I guess an IRA gifted to your kid from investments you made while they were a minor would work out okay IF your kid was well employed directly out of college and all their needs were taken care of. I just feel that the kid would take withdrawals (and the subsequent tax hit where applicable) IF they KNEW about the IRA and felt that they “needed” anything at all (i.e. newer vehicle, overseas trip, or help with downpayment on first home, etc). And they may not tell their parent(s) about it if they do … that is, until they have to file their tax return and are shocked as to how much they owe :-0
April 22, 2015 at 7:36 PM #785164SK in CV
ParticipantBG, this sounds like horrible divorce representation. Under the scenario you described, absent a specific waiver of reimbursement, the value of the home contributed to the community would be reimbursable to the contributing spouse, irrespective of how the home was transferred to the community.
These kinds of problems would be easily avoidable in the case of a Roth (or other self-directed retirement plan). Even employer sponsored plan equity is separate property, to the extent it was earned prior to marriage.
April 22, 2015 at 7:49 PM #785165Coronita
Participant[quote=SK in CV]BG, this sounds like horrible divorce representation. Under the scenario you described, absent a specific waiver of reimbursement, the value of the home contributed to the community would be reimbursable to the contributing spouse, irrespective of how the home was transferred to the community.
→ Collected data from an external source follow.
Lemma kacyclic_mod_step (J J' : R -> Prop) a n :
  is_ideal J -> is_ideal J' -> I a -> (forall b, J (a * b) -> J b) ->
  J' a -> (forall b, J b -> J' b) -> (forall b, J' b -> exists h, J (b - a * h)) ->
  kacyclic_mod J' n.+1 -> kacyclic_mod J n.
Proof.
move=> HJ HJ' Ia a_reg J'a JJ' J'J acyc' z hz Jdz.
have [b [hb db]] := kdiff_onto_ideal Ia.
have dbz : kdiff f (kwedge b z) = kscale a z - kwedge b (kdiff f z).
  rewrite kdiff_wedge db kwedgeZl kwedge1l (ksig_homog hb) kwedgeZl expr1.
  by rewrite kscaleN1.
have J'dbz : kcoef_in J' (kdiff f (kwedge b z)).
  rewrite dbz; apply: kcoef_inB => //; first exact: kcoef_in_scale.
  by apply: kcoef_in_wedger => // S; apply: JJ'.
have [p J'q] := acyc' _ (homog_wedge hb hz) J'dbz.
have [h Jqh] := kcoef_in_split J'J J'q.
exists h; apply: (kcoef_in_cancel a_reg).
have -> : kscale a (z - kdiff f h) =
    kdiff f (kwedge b z - kdiff f p - kscale a h) + kwedge b (kdiff f z).
  rewrite !(klinB _ _ (klin_kdiff f)) kdiffK subr0 (klin_kdiff f).2 dbz.
  by rewrite kscaleBr addrAC subrK.
by apply: kcoef_inD => //; [apply: kcoef_in_kdiff | apply: kcoef_in_wedger].
Qed.

Lemma kacyclic_mod_regular (xs : seq R) :
  (forall m, (m < size xs)%N -> forall b,
     ideal_gen (take m xs) (nth 0 xs m * b) -> ideal_gen (take m xs) b) ->
  (forall a, a \in xs -> I a) ->
  forall n m d, (m + n)%N = size xs -> (r < d + n)%N ->
  kacyclic_mod (ideal_gen (take m xs)) d.
Proof.
move=> xs_reg xs_I; elim=> [|n IH] m d hmn hd.
  by apply: kacyclic_mod_gt; [apply: spanR_ideal | rewrite -(addn0 d)].
have hm : (m < size xs)%N by rewrite -hmn addnS ltnS leq_addr.
apply: (kacyclic_mod_step (J' := ideal_gen (take m.+1 xs)) (a := nth 0 xs m)).
- exact: spanR_ideal.
- exact: spanR_ideal.
- exact/xs_I/mem_nth.
- exact: xs_reg.
- exact: ideal_gen_take_nth.
- exact: ideal_gen_takeS.
- exact: ideal_gen_takeS_split.
- by apply: IH; rewrite ?addSnnS // addSn -addnS.
Qed.

Lemma kcycle_boundary (xs : seq R) n z : Rregular xs -> (forall a, a \in xs -> I a) ->
  (r < n + size xs)%N -> kcycle f n z -> exists p, z = kdiff f p.
Proof.
move=> [xs_reg _] xs_I hn [hz dz].
have [|p Jp] := kacyclic_mod_regular xs_reg xs_I (add0n _) hn hz.
  by rewrite dz; apply: kcoef_in0; apply: spanR_ideal.
by exists p; apply/eqP; rewrite -subr_eq0; apply/eqP/kcoef_in_nil; rewrite -(take0 xs).
Qed.

End Acyclicity.

End Exterior.

(** * Kitt ideals *)

Section ProductIdeals.
Variables (R : comPzRingType) (r : nat).
Implicit Types (A B C : nat -> KA R r -> Prop).

Lemma prod_ideal_mono A B C x : (forall n w, B n w -> C n w) ->
  prod_ideal A B x -> prod_ideal A C x.
Proof.
move=> BC; apply: spanR_min; first exact: spanR_ideal.
move=> _ [j [u [w [hj [Au [Bw ->]]]]]]; apply: spanR_gen.
by exists j, u, w; split=> //; split=> //; split=> //; apply: BC.
Qed.

Lemma prod_ideal_range_sub A B lo hi x :
  prod_ideal_range A B lo hi x -> prod_ideal A B x.
Proof.
apply: spanR_min; first exact: spanR_ideal.
move=> _ [i [u [w [_ [hi_r [Au [Bw ->]]]]]]]; apply: spanR_gen.
by exists (r - i)%N, u, w; rewrite subKn // leq_subr.
Qed.

End ProductIdeals.

Section KittIdeal.
Variables (R : comPzRingType) (r s : nat) (f : 'I_r -> R) (a : 'I_s -> R).
Variables (c : 'M[R]_(r, s)) (T : KA R r -> Prop).
Hypothesis Hac : forall j, a j = \sum_(i < r) c i j * f i.
Hypothesis HT : cycle_reps f T.
Local Notation aI := (spanR (fun v => exists j, v = a j)).
Local Notation GH := (prod_ideal (Gam c) (Htil T)).

Lemma Kitt_ideal : is_ideal (Kitt f c). Proof. exact: spanR_ideal. Qed.

Lemma Htil_kcycle n w : Htil T n w -> kcycle f n w.
Proof.
case=> gw hw; split=> //; apply: kcoef_in_nil.
apply: (gen_alg_kdiff (spanR_ideal _)) gw => t /HT.1 [k [_ ->]].
by apply: kcoef_in0; apply: spanR_ideal.
Qed.

Lemma a_sub_Kitt x : aI x -> Kitt f c x.
Proof.
apply: spanR_min; first exact: Kitt_ideal.
move=> _ [j ->]; set e := kbasis R [set: 'I_r].
have hz := homog_kzeta c j.
have -> : a j = ktop (kwedge (kzeta c j) (kdiff f e)).
  have := ktop_kdiff f (kwedge (kzeta c j) e).
  rewrite kdiff_wedge kdiff_kzeta -Hac kwedgeZl kwedge1l (ksig_homog hz).
  rewrite kwedgeZl ktopD !ktopZ /ktop kbasisE eqxx mulr1 expr1 mulN1r.
  by move/eqP; rewrite subr_eq0 => /eqP.
have [r0|r_gt0] := leqP r 0.
  by rewrite (homog_gt _ hz) ?kwedge0l ?ktop0; [apply: ideal0 Kitt_ideal | lia].
apply: spanR_gen; exists 1%N, (kzeta c j), (kdiff f e); split=> //.
split; first by split=> //; apply: ga_gen; exists j.
split=> //; split; last exact: kdiffK.
by have := homog_kdiff f (@homog_basis R r [set: 'I_r]); rewrite cardsT card_ord subn1.
Qed.

Lemma Kitt_sub_a_GH x : Kitt f c x -> ideal_sum aI GH x.
Proof.
have HaGH : is_ideal (ideal_sum aI GH) := ideal_sum_ideal (spanR_ideal _) (spanR_ideal _).
apply: spanR_min; first exact: HaGH.
move=> _ [j [u [z [hj [Gu [zcyc ->]]]]]].
have [t [y [Tt [ht [hy /eqP]]]]] := HT.2 _ _ zcyc.
rewrite subr_eq => /eqP ->; rewrite kwedgeDr ktopD; apply: (idealD HaGH).
  apply: ideal_suml; first exact: spanR_ideal.
  exact: ktop_wedge_kdiff (spanR_ideal _) Gu.2 (Gam_kdiff Hac Gu).
apply: ideal_sumr; first exact: spanR_ideal.
by apply: spanR_gen; exists j, u, t; do 3!split=> //; split=> //; apply: ga_gen.
Qed.

Lemma GH_sub_a_range g x : is_grade (spanR (fun v => exists i, v = f i)) g ->
  GH x -> ideal_sum aI (prod_ideal_range (Gam c) (Htil T) (r - s) (r - g)) x.
Proof.
move=> [[xs [size_xs [xs_reg xs_I]]] _].
have HaR : is_ideal (ideal_sum aI (prod_ideal_range (Gam c) (Htil T) (r - s) (r - g))).
  exact: ideal_sum_ideal (spanR_ideal _) (spanR_ideal _).
apply: spanR_min; first exact: HaR.
move=> _ [j [u [w [hj [Gu [Hw ->]]]]]].
have [s_lt_j|j_le_s] := ltnP s j.
  by rewrite (Gam_gt s_lt_j Gu) kwedge0l ktop0; apply: ideal0 HaR.
have [g_big|g_small] := ltnP r (r - j + g).
  have [|p ->] := kcycle_boundary xs_reg xs_I _ (Htil_kcycle Hw); first by rewrite size_xs.
  apply: ideal_suml; first exact: spanR_ideal.
  exact: ktop_wedge_kdiff (spanR_ideal _) Gu.2 (Gam_kdiff Hac Gu).
apply: ideal_sumr; first exact: spanR_ideal.
apply: spanR_gen; exists (r - j)%N, u, w; rewrite subKn //.
by split; [apply/andP; split; lia | rewrite leq_subr].
Qed.

End KittIdeal.

Theorem theorem4p22 (R : comPzRingType) (r s : nat) (f : 'I_r -> R)
  (a : 'I_s -> R) (c : 'M[R]_(r, s)) (g : nat)
  (Hac : forall j : 'I_s, a j = \sum_(i < r) c i j * f i)
  (Hg : is_grade (spanR (fun v => exists i, v = f i)) g)
  (T : KA R r -> Prop) (HT : cycle_reps f T) :
  let aI := spanR (fun v => exists j, v = a j) in
  (forall x, Kitt f c x <-> ideal_sum aI (prod_ideal (Gam c) (Htil T)) x) /\
  (forall x, Kitt f c x <->
     ideal_sum aI (prod_ideal_range (Gam c) (Htil T) (r - s) (r - g)) x).
Proof.
move=> aI.
have GH_sub_Kitt x : prod_ideal (Gam c) (Htil T) x -> Kitt f c x.
  exact: prod_ideal_mono (Htil_kcycle HT).
split=> x; split.
- exact: Kitt_sub_a_GH.
- exact: ideal_sum_min (Kitt_ideal _ _) (a_sub_Kitt Hac) GH_sub_Kitt.
- move/(Kitt_sub_a_GH Hac HT).
  apply: ideal_sum_min; first exact: ideal_sum_ideal (spanR_ideal _) (spanR_ideal _).
    by move=> y; apply: ideal_suml (spanR_ideal _).
  by move=> y; apply: (GH_sub_a_range Hac HT (x := y) Hg).
- apply: ideal_sum_min (Kitt_ideal _ _) (a_sub_Kitt Hac) _ => y.
  by move/prod_ideal_range_sub; apply: GH_sub_Kitt.
Qed.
These kinds of problems would be easily avoidable in the case of a Roth (or other self-directed retirement plan). Even employer sponsored plan equity is separate property, to the extent it was earned prior to marriage.[/quote]
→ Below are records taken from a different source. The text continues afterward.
Lemma sat_set_lit a l m G :
  m \in G -> a m.1 == m.2 -> m != neg l -> sat_clause (set_lit a l) G.
Proof.
move=> mG am mnl; apply/hasP; rewrite /set_lit.
case: (eqVneq m.1 l.1) => [/lit_eq_or_neg [ml|ml] | ml]; last by exists m; rewrite ?ifN.
- by exists l; rewrite -?ml ?eqxx.
- by rewrite ml eqxx in mnl.
Qed.

Definition keeps_false (rule : cnf -> clause -> Prop) (x : nat) : Prop :=
  forall F C a, sat a F -> a x = false -> rule F C ->
    exists2 a', sat a' (rcons F C) & a' x = false.

Lemma cost_LPR_keeps_false bs x : x \in bs -> keeps_false (cost_LPR bs) x.
Proof.
move=> xbs F C a aF ax [s [[y [[v [Cy sy]] s_neg]] [s_ent s_cost]]].
case aC: (sat_clause a C); first by exists a; rewrite ?sat_rcons ?aF ?aC.
have a_negC := extends_negC (negbT aC).
have as_off_y z : z != y -> Defs.comp a s z = a z.
  move=> /eqP zy; rewrite /Defs.comp s_neg //.
  by case Cz: (negC C z) => [w|] //; rewrite (a_negC _ _ Cz).
exists (Defs.comp a s).
  apply: sat_comp_restrict; apply/allP => D /(s_ent D) /(entails1_sound _) -> //.
  exact: sat_restrict.
case: (eqVneq x y) => [xy | xy]; last by rewrite as_off_y.
(* [sigma] would flip [x] from [false] to [true], raising the cost. *)
subst y; have := s_cost a a_negC.
rewrite (@cost_set_true _ a (Defs.comp a s) x) //; last first.
  by rewrite /Defs.comp sy -(a_negC _ _ Cy) ax.
have : 0 < count_mem x bs by rewrite -has_count has_pred1.
lia.
Qed.

Lemma sat_set_lit_blocked a l E G :
  ~~ sat_clause a E -> sat_clause a G ->
  (neg l \in G -> tautology ([seq k <- E | k != l] ++ [seq k <- G | k != neg l])) ->
  sat_clause (set_lit a l) G.
Proof.
move=> /hasPn aE aG blocked; case nlG: (neg l \in G); last first.
  case/hasP: aG => m mG am; apply: (sat_set_lit mG am).
  by apply: contraFneq nlG => <-.
have /hasP [m] := tautology_sat a (blocked nlG).
rewrite mem_cat !mem_filter => /orP [/andP [_ mE] | /andP [mnl mG]] am.
- by have := aE m mE; rewrite am.
- exact: sat_set_lit mG am mnl.
Qed.

Lemma cost_BC_keeps_false bs x : x \in bs -> keeps_false (cost_BC bs) x.
Proof.
move=> xbs F E a aF ax [l [lE [blocked not_pos_blocking]]].
case aE: (sat_clause a E); first by exists a; rewrite ?sat_rcons ?aF ?aE.
exists (set_lit a l).
  rewrite sat_rcons; apply/andP; split.
    apply/allP => G GF; apply: sat_set_lit_blocked (negbT aE) (allP aF G GF) _.
    exact: blocked.
  by apply/hasP; exists l; rewrite /set_lit ?eqxx.
rewrite /set_lit; case: eqP => // xl.
by move: not_pos_blocking; rewrite -xl xbs andbT => /negbTE.
Qed.

Lemma step_keeps_false rule x G prev D a :
  keeps_false rule x -> sat a (G ++ prev) -> a x = false -> step rule G prev D ->
  exists2 a', sat a' (rcons (G ++ prev) D) & a' x = false.
Proof.
move=> rule_x aGp ax st.
have keep_a : sat_clause a D -> exists2 a', sat a' (rcons (G ++ prev) D) & a' x = false.
  by move=> aD; exists a; rewrite ?sat_rcons ?aGp ?aD.
have sat_prev A : A \in prev -> sat_clause a A.
  by move=> Ap; apply: (allP aGp); rewrite mem_cat Ap orbT.
case: st => [DG | [[A [Ap AD]] | [[A [B [y [Ap [Bp [_ [_ eD]]]]]]] | [ruleD _]]]].
- by apply/keep_a/(allP aGp); rewrite mem_cat DG.
- exact/keep_a/(weakening_sat (sat_prev A Ap) AD).
- exact/keep_a/(resolvent_sat (sat_prev A Ap) (sat_prev B Bp) eD).
- exact: rule_x aGp ax ruleD.
Qed.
I thought that was the case, but wasn’t sure…I guess I’ll talk to an estate attorney as well as a CPA when I get around to it 🙂 I’m just looking for preliminary information (brainstorming if you may call it). The actual technical details, I’ll discuss with a paid pro(s)…
Merci!
April 23, 2015 at 1:21 PM #785195bearishgurl
Participant[quote=SK in CV]BG, this sounds like horrible divorce representation. Under the scenario you described, absent a specific waiver of reimbursement, the value of the home contributed to the community would be reimbursable to the contributing spouse, irrespective of how the home was transferred to the community.
These kinds of problems would be easily avoidable in the case of a Roth (or other self-directed retirement plan). Even employer sponsored plan equity is separate property, to the extent it was earned prior to marriage.[/quote]SK, I see where a statement in my post could have been miscontrued:
[quote=bearishgurl]. . . They end up recovering very little equity from the forced sale of their former parent(s) home because it is now mortgaged (in some cases repeatedly) and half of it now belongs to their spouse, who lived with them in the home while married and also signed the note(s) on the mortgage(s) they took out together. . .[/quote]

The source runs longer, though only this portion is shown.